» WHAT TO PRODUCE:
Output the full listing exactly, character for character.

Start of Block

(* Pigeonhole on the [K^d + 1] vectors of cells [floor (K * frac (i x_t))], [i = 0..K^d]. *)
Lemma dirichlet_simultaneous (d K : nat) (x : nat -> R) : (1 <= K)%nat ->
  exists m : nat, (1 <= m <= K ^ d)%nat /\ exists b : nat -> Z, forall t, (t < d)%nat ->
  Rabs (INR m * x t - IZR (b t)) < / INR K.
Proof.
intros HK. pose proof (INR_ge1 K HK) as HKR.
set (cell := fun i t => Int_part (INR K * frac_part (INR i * x t))).
assert (Hcell : forall i t, (0 <= cell i t < Z.of_nat K)%Z).
{ intros i t. unfold cell. set (z := INR K * frac_part (INR i * x t)).
  assert (Hz : 0 <= z < INR K) by (unfold z; destruct (base_fp (INR i * x t)); split; nra).
  destruct (base_Int_part z). split.
  - assert (-1 < Int_part z)%Z by (apply lt_IZR; simpl; lra). lia.
  - apply lt_IZR. rewrite <- INR_IZR_INZ. lra. }
set (code := fun i => undigits K d (fun t => Z.to_nat (cell i t))).
destruct (pigeonhole (K ^ d) code) as [i [j [Hij Ecode]]].
{ intros i _. apply undigits_lt. intros t _. destruct (Hcell i t). lia. }
exists (j - i)%nat. split; [lia|].
exists (fun t => (Int_part (INR j * x t) - Int_part (INR i * x t))%Z).
intros t Ht.
assert (Ec : cell i t = cell j t).
{ assert (Hd : forall i', digit K t (code i') = Z.to_nat (cell i' t)).
  { intro i'. apply digit_undigits; auto. intros s _. destruct (Hcell i' s). lia. }
  pose proof (Hd i) as E1. rewrite Ecode, Hd in E1. destruct (Hcell i t), (Hcell j t). lia. }
rewrite minus_IZR, minus_INR by lia.
replace ((INR j - INR i) * x t - (IZR (Int_part (INR j * x t)) - IZR (Int_part (INR i * x t))))
  with (frac_part (INR j * x t) - frac_part (INR i * x t)) by (unfold frac_part; ring).
unfold cell in Ec.
set (fi := frac_part (INR i * x t)) in *. set (fj := frac_part (INR j * x t)) in *.
destruct (base_Int_part (INR K * fi)), (base_Int_part (INR K * fj)). rewrite Ec in *.
apply Rmult_lt_reg_l with (INR K); [lra|].
rewrite Rinv_r, <- (Rabs_pos_eq (INR K)) at 1 by lra. rewrite <- Rabs_mult.
apply Rabs_def1; lra.
Qed.

(** * Outer measure of finitely many disjoint boxes *)

Lemma box_vol_nonneg n lo hi : 0 <= box_vol n lo hi.
Proof. apply prodR_nonneg; intros; apply Rmax_l. Qed.

Lemma prodR_enlarge (w : nat -> R) c : forall st eps, eps > 0 -> exists del, del > 0 /\
  forall d, 0 <= d <= del ->
  prodR (fun j => Rmax 0 (w j + 2 * d)) st c <= prodR (fun j => Rmax 0 (w j)) st c + eps.
Proof.
induction c as [|c IH]; intros st eps He.
{ exists 1; split; [lra|]. intros; simpl; lra. }
set (A := Rmax 0 (w st)). set (P := prodR (fun j => Rmax 0 (w j)) (S st) c).
assert (HA : 0 <= A) by apply Rmax_l.
assert (HP : 0 <= P) by (apply prodR_nonneg; intros; apply Rmax_l).
set (e1 := eps / (2 * (A + 1))).
assert (He1 : e1 > 0) by (unfold e1; apply Rdiv_lt_0_compat; lra).
destruct (IH (S st) e1 He1) as [d1 [Hd1 H1]].
set (d2 := eps / (4 * (P + e1 + 1))).
assert (Hd2 : d2 > 0) by (unfold d2; apply Rdiv_lt_0_compat; lra).
exists (Rmin d1 d2). split; [apply Rmin_glb_lt; lra|].
intros d Hd. pose proof (Rmin_l d1 d2). pose proof (Rmin_r d1 d2). simpl. fold A P.
specialize (H1 d ltac:(lra)). fold P in H1.
set (P' := prodR (fun j => Rmax 0 (w j + 2 * d)) (S st) c) in *.
assert (HP' : 0 <= P') by (apply prodR_nonneg; intros; apply Rmax_l).
assert (HA' : 0 <= Rmax 0 (w st + 2 * d) <= A + 2 * d)
  by (unfold A, Rmax; repeat destruct Rle_dec; lra).
assert (A * e1 <= eps / 2).
{ apply Rle_trans with ((A + 1) * e1); [nra|]. right; unfold e1; field; lra. }
assert (2 * d * (P + e1) <= eps / 2).
{ apply Rle_trans with (2 * d2 * (P + e1 + 1)); [nra|]. right; unfold d2; field; lra. }
apply Rle_trans with ((A + 2 * d) * (P + e1)); [apply Rmult_le_compat; lra | nra].
Qed.

Lemma box_vol_enlarge n (lo hi : nat -> R) eps : eps > 0 -> exists del, del > 0 /\
  box_vol n (fun j => lo j - del) (fun j => hi j + del) <= box_vol n lo hi + eps.
Proof.
intros He. destruct (prodR_enlarge (fun j => hi j - lo j) (n - 1) 2 eps He) as [d [Hd H]].
exists d; split; auto. unfold box_vol.
rewrite (prodR_ext _ (fun j => Rmax 0 (hi j - lo j + 2 * d))); [apply H; lra|].
intros; f_equal; lra.
Qed.

Definition overlap_len a b c e := Rmax 0 (Rmin b e - Rmax a c).

Ltac unfold_overlap := unfold overlap_len, Rmax, Rmin in *; repeat destruct Rle_dec; try lra.

Lemma overlap_len_nonneg a b c e : 0 <= overlap_len a b c e.
Proof. unfold_overlap. Qed.
Lemma overlap_len_split a m b c e : a <= m <= b ->
  overlap_len a b c e = overlap_len a m c e + overlap_len m b c e.
Proof. intros; unfold_overlap. Qed.
Lemma overlap_len_le_l a b c e : a <= b -> overlap_len a b c e <= b - a.
Proof. intros; unfold_overlap. Qed.
Lemma overlap_len_le_r a b c e : overlap_len a b c e <= Rmax 0 (e - c).
Proof. unfold_overlap. Qed.
Lemma overlap_len_sub a b c e : c <= a <= b -> b <= e -> overlap_len a b c e = b - a.
Proof. intros; unfold_overlap. Qed.
Lemma overlap_len_sup a b c e : a <= c -> e <= b -> overlap_len a b c e = Rmax 0 (e - c).
Proof. intros; unfold_overlap. Qed.
Lemma overlap_len_disjoint a b c e : b < c \/ e < a -> overlap_len a b c e = 0.
Proof. intros; unfold_overlap. Qed.

Definition meet_vol n (a b c e : nat -> R) :=
  prodR (fun j => overlap_len (a j) (b j) (c j) (e j)) 2 (n - 1).

Definition upd (f : nat -> R) j0 v := fun j => if Nat.eq_dec j j0 then v else f j.

Lemma meet_vol_nonneg n a b c e : 0 <= meet_vol n a b c e.
Proof. apply prodR_nonneg; intros; apply overlap_len_nonneg. Qed.

Lemma meet_vol_split n a b c e j0 m : (2 <= j0 <= n)%nat -> a j0 <= m <= b j0 ->
  meet_vol n a b c e = meet_vol n a (upd b j0 m) c e + meet_vol n (upd a j0 m) b c e.
Proof.
intros Hj Hm. apply prodR_split with j0; [lia| |].
- unfold upd. destruct Nat.eq_dec; [|congruence]. apply overlap_len_split; lra.
- intros j Hne. unfold upd. destruct Nat.eq_dec; [congruence|auto].
Qed.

End of Block

» WRITTEN ANSWER:
(* Pigeonhole on the [K^d + 1] vectors of cells [floor (K * frac (i x_t))], [i = 0..K^d]. *)
Lemma dirichlet_simultaneous (d K : nat) (x : nat -> R) : (1 <= K)%nat ->
  exists m : nat, (1 <= m <= K ^ d)%nat /\ exists b : nat -> Z, forall t, (t < d)%nat ->
  Rabs (INR m * x t - IZR (b t)) < / INR K.
Proof.
intros HK. pose proof (INR_ge1 K HK) as HKR.
set (cell := fun i t => Int_part (INR K * frac_part (INR i * x t))).
assert (Hcell : forall i t, (0 <= cell i t < Z.of_nat K)%Z).
{ intros i t. unfold cell. set (z := INR K * frac_part (INR i * x t)).
  assert (Hz : 0 <= z < INR K) by (unfold z; destruct (base_fp (INR i * x t)); split; nra).
  destruct (base_Int_part z). split.
  - assert (-1 < Int_part z)%Z by (apply lt_IZR; simpl; lra). lia.
  - apply lt_IZR. rewrite <- INR_IZR_INZ. lra. }
set (code := fun i => undigits K d (fun t => Z.to_nat (cell i t))).
destruct (pigeonhole (K ^ d) code) as [i [j [Hij Ecode]]].
{ intros i _. apply undigits_lt. intros t _. destruct (Hcell i t). lia. }
exists (j - i)%nat. split; [lia|].
exists (fun t => (Int_part (INR j * x t) - Int_part (INR i * x t))%Z).
intros t Ht.
assert (Ec : cell i t = cell j t).
{ assert (Hd : forall i', digit K t (code i') = Z.to_nat (cell i' t)).
  { intro i'. apply digit_undigits; auto. intros s _. destruct (Hcell i' s). lia. }
  pose proof (Hd i) as E1. rewrite Ecode, Hd in E1. destruct (Hcell i t), (Hcell j t). lia. }
rewrite minus_IZR, minus_INR by lia.
replace ((INR j - INR i) * x t - (IZR (Int_part (INR j * x t)) - IZR (Int_part (INR i * x t))))
  with (frac_part (INR j * x t) - frac_part (INR i * x t)) by (unfold frac_part; ring).
unfold cell in Ec.
set (fi := frac_part (INR i * x t)) in *. set (fj := frac_part (INR j * x t)) in *.
destruct (base_Int_part (INR K * fi)), (base_Int_part (INR K * fj)). rewrite Ec in *.
apply Rmult_lt_reg_l with (INR K); [lra|].
rewrite Rinv_r, <- (Rabs_pos_eq (INR K)) at 1 by lra. rewrite <- Rabs_mult.
apply Rabs_def1; lra.
Qed.

(** * Outer measure of finitely many disjoint boxes *)

Lemma box_vol_nonneg n lo hi : 0 <= box_vol n lo hi.
Proof. apply prodR_nonneg; intros; apply Rmax_l. Qed.

Lemma prodR_enlarge (w : nat -> R) c : forall st eps, eps > 0 -> exists del, del > 0 /\
  forall d, 0 <= d <= del ->
  prodR (fun j => Rmax 0 (w j + 2 * d)) st c <= prodR (fun j => Rmax 0 (w j)) st c + eps.
Proof.
induction c as [|c IH]; intros st eps He.
{ exists 1; split; [lra|]. intros; simpl; lra. }
set (A := Rmax 0 (w st)). set (P := prodR (fun j => Rmax 0 (w j)) (S st) c).
assert (HA : 0 <= A) by apply Rmax_l.
assert (HP : 0 <= P) by (apply prodR_nonneg; intros; apply Rmax_l).
set (e1 := eps / (2 * (A + 1))).
assert (He1 : e1 > 0) by (unfold e1; apply Rdiv_lt_0_compat; lra).
destruct (IH (S st) e1 He1) as [d1 [Hd1 H1]].
set (d2 := eps / (4 * (P + e1 + 1))).
assert (Hd2 : d2 > 0) by (unfold d2; apply Rdiv_lt_0_compat; lra).
exists (Rmin d1 d2). split; [apply Rmin_glb_lt; lra|].
intros d Hd. pose proof (Rmin_l d1 d2). pose proof (Rmin_r d1 d2). simpl. fold A P.
specialize (H1 d ltac:(lra)). fold P in H1.
set (P' := prodR (fun j => Rmax 0 (w j + 2 * d)) (S st) c) in *.
assert (HP' : 0 <= P') by (apply prodR_nonneg; intros; apply Rmax_l).
assert (HA' : 0 <= Rmax 0 (w st + 2 * d) <= A + 2 * d)
  by (unfold A, Rmax; repeat destruct Rle_dec; lra).
assert (A * e1 <= eps / 2).
{ apply Rle_trans with ((A + 1) * e1); [nra|]. right; unfold e1; field; lra. }
assert (2 * d * (P + e1) <= eps / 2).
{ apply Rle_trans with (2 * d2 * (P + e1 + 1)); [nra|]. right; unfold d2; field; lra. }
apply Rle_trans with ((A + 2 * d) * (P + e1)); [apply Rmult_le_compat; lra | nra].
Qed.

Lemma box_vol_enlarge n (lo hi : nat -> R) eps : eps > 0 -> exists del, del > 0 /\
  box_vol n (fun j => lo j - del) (fun j => hi j + del) <= box_vol n lo hi + eps.
Proof.
intros He. destruct (prodR_enlarge (fun j => hi j - lo j) (n - 1) 2 eps He) as [d [Hd H]].
exists d; split; auto. unfold box_vol.
rewrite (prodR_ext _ (fun j => Rmax 0 (hi j - lo j + 2 * d))); [apply H; lra|].
intros; f_equal; lra.
Qed.

Definition overlap_len a b c e := Rmax 0 (Rmin b e - Rmax a c).

Ltac unfold_overlap := unfold overlap_len, Rmax, Rmin in *; repeat destruct Rle_dec; try lra.

Lemma overlap_len_nonneg a b c e : 0 <= overlap_len a b c e.
Proof. unfold_overlap. Qed.
Lemma overlap_len_split a m b c e : a <= m <= b ->
  overlap_len a b c e = overlap_len a m c e + overlap_len m b c e.
Proof. intros; unfold_overlap. Qed.
Lemma overlap_len_le_l a b c e : a <= b -> overlap_len a b c e <= b - a.
Proof. intros; unfold_overlap. Qed.
Lemma overlap_len_le_r a b c e : overlap_len a b c e <= Rmax 0 (e - c).
Proof. unfold_overlap. Qed.
Lemma overlap_len_sub a b c e : c <= a <= b -> b <= e -> overlap_len a b c e = b - a.
Proof. intros; unfold_overlap. Qed.
Lemma overlap_len_sup a b c e : a <= c -> e <= b -> overlap_len a b c e = Rmax 0 (e - c).
Proof. intros; unfold_overlap. Qed.
Lemma overlap_len_disjoint a b c e : b < c \/ e < a -> overlap_len a b c e = 0.
Proof. intros; unfold_overlap. Qed.

Definition meet_vol n (a b c e : nat -> R) :=
  prodR (fun j => overlap_len (a j) (b j) (c j) (e j)) 2 (n - 1).

Definition upd (f : nat -> R) j0 v := fun j => if Nat.eq_dec j j0 then v else f j.

Lemma meet_vol_nonneg n a b c e : 0 <= meet_vol n a b c e.
Proof. apply prodR_nonneg; intros; apply overlap_len_nonneg. Qed.

Lemma meet_vol_split n a b c e j0 m : (2 <= j0 <= n)%nat -> a j0 <= m <= b j0 ->
  meet_vol n a b c e = meet_vol n a (upd b j0 m) c e + meet_vol n (upd a j0 m) b c e.
Proof.
intros Hj Hm. apply prodR_split with j0; [lia| |].
- unfold upd. destruct Nat.eq_dec; [|congruence]. apply overlap_len_split; lra.
- intros j Hne. unfold upd. destruct Nat.eq_dec; [congruence|auto].
Qed.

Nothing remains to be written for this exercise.